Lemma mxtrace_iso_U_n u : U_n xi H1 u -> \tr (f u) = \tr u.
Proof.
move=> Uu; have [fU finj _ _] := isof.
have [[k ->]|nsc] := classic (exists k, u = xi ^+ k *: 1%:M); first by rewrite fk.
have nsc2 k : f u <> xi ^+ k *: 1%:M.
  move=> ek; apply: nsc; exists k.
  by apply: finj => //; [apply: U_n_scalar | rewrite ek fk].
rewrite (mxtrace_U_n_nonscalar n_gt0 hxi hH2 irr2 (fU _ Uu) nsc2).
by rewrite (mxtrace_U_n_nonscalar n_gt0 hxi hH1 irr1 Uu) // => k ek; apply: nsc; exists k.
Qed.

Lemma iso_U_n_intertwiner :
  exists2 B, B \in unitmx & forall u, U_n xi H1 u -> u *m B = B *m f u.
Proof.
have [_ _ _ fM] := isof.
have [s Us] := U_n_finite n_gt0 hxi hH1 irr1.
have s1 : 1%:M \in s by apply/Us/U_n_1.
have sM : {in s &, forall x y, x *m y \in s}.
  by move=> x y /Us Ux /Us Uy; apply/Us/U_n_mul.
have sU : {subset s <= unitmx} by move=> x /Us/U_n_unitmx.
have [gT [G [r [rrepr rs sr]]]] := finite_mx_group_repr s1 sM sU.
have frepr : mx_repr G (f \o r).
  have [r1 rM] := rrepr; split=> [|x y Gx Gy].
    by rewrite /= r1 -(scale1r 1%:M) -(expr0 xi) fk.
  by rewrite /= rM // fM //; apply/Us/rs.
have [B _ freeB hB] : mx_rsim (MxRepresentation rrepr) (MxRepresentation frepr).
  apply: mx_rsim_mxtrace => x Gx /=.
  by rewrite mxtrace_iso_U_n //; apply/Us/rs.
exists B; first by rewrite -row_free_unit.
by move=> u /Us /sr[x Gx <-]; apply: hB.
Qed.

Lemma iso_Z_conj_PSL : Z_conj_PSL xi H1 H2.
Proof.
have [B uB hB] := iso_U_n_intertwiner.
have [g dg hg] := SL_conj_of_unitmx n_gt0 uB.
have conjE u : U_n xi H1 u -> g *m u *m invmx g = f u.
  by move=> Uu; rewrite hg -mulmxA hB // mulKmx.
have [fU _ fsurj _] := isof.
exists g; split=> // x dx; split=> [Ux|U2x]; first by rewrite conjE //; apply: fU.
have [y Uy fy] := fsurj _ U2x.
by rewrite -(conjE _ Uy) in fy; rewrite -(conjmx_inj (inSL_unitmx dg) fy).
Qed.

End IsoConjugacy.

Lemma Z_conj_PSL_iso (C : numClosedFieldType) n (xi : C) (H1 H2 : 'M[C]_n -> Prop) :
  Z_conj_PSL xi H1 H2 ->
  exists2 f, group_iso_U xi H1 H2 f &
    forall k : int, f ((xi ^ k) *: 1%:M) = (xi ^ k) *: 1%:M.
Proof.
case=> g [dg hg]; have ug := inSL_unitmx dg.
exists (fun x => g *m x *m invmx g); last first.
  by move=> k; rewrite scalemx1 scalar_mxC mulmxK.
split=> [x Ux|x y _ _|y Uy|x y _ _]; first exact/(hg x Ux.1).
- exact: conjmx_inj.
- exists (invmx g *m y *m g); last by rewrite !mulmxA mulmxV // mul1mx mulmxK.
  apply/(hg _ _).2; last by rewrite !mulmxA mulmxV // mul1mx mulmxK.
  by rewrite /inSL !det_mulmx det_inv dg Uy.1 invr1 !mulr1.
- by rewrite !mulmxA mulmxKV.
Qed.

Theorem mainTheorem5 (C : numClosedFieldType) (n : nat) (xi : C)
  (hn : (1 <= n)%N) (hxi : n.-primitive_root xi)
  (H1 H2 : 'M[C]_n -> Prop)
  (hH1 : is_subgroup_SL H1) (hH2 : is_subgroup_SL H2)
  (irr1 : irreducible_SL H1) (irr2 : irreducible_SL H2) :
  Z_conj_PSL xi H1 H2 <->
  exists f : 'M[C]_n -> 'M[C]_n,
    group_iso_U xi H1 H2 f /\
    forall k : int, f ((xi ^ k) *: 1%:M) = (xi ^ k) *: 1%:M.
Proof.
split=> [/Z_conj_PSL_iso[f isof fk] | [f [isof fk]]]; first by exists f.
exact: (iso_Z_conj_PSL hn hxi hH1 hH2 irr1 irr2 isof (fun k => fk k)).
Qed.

====================

- [Task prompt]:
If a line in the listing contains the string "invmx", copy it.

- [Response for this exercise]:
have conjE u : U_n xi H1 u -> g *m u *m invmx g = f u.
exists (fun x => g *m x *m invmx g); last first.
- exists (invmx g *m y *m g); last by rewrite !mulmxA mulmxV // mul1mx mulmxK.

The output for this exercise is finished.